EXERCISE DATA =>

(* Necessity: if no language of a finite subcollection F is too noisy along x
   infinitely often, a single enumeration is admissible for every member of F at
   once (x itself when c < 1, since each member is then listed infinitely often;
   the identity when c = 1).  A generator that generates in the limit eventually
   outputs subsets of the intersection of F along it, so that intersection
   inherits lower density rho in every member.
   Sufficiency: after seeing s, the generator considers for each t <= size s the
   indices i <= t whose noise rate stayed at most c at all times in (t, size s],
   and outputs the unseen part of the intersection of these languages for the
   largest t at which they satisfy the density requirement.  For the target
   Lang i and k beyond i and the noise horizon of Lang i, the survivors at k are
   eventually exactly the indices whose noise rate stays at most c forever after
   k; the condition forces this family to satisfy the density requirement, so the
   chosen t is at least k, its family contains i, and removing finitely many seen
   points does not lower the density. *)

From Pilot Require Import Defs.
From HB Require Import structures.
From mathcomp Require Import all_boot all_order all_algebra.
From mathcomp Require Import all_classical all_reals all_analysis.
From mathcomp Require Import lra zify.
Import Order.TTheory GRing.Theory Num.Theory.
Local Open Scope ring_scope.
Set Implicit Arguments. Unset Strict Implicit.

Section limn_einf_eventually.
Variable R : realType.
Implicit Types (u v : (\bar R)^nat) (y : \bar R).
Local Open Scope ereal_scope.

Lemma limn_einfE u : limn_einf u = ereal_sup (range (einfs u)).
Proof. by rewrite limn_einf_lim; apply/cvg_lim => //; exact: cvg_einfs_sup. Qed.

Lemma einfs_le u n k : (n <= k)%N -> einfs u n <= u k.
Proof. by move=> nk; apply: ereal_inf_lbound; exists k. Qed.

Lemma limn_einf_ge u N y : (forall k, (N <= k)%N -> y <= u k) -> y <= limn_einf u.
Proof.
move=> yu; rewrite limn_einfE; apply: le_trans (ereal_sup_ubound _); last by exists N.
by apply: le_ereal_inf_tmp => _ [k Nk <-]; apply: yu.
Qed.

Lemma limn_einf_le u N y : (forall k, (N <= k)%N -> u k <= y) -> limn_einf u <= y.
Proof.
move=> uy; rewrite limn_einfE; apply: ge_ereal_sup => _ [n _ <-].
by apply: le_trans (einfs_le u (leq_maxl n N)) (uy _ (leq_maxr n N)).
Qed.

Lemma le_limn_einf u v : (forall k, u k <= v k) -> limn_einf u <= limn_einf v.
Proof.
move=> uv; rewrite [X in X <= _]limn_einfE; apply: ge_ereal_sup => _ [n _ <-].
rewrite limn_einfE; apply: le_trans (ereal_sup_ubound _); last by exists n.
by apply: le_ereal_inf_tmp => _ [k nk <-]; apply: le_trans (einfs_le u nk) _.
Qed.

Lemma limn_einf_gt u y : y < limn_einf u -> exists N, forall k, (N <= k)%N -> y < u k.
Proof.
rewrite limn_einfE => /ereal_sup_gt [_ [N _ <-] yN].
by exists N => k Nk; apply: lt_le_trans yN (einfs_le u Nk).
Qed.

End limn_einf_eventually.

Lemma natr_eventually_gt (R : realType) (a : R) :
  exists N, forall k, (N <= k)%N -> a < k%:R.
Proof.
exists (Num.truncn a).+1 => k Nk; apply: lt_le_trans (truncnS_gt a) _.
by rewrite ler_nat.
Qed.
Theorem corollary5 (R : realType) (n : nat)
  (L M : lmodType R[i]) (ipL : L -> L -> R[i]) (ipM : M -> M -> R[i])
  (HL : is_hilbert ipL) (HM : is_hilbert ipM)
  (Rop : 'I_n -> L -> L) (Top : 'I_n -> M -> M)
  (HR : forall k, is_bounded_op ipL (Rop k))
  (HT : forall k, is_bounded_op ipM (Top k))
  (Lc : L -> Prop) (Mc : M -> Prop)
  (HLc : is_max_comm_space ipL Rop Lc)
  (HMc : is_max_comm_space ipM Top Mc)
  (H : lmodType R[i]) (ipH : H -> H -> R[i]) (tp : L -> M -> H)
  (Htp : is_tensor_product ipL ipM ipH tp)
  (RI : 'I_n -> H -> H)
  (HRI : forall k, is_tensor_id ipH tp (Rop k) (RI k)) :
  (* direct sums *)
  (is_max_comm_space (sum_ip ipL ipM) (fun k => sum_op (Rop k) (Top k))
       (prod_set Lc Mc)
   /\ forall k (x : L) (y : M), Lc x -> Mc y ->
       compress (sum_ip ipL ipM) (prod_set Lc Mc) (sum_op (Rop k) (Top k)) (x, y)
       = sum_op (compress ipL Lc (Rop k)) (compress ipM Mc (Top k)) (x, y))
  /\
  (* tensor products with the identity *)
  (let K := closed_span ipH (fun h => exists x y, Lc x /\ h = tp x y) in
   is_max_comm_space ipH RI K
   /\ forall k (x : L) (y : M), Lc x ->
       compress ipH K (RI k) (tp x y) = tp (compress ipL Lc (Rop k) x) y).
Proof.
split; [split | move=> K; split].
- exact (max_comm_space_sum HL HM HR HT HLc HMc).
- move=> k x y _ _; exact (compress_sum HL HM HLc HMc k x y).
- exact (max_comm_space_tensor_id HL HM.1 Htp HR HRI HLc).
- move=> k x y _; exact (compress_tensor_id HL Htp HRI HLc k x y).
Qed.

WHAT YOU NEED TO DO => In the records, which lines mention the word "whose"? Copy those lines.

WRITTEN ANSWER =>
   indices i <= t whose noise rate stayed at most c at all times in (t, size s],
   eventually exactly the indices whose noise rate stays at most c forever after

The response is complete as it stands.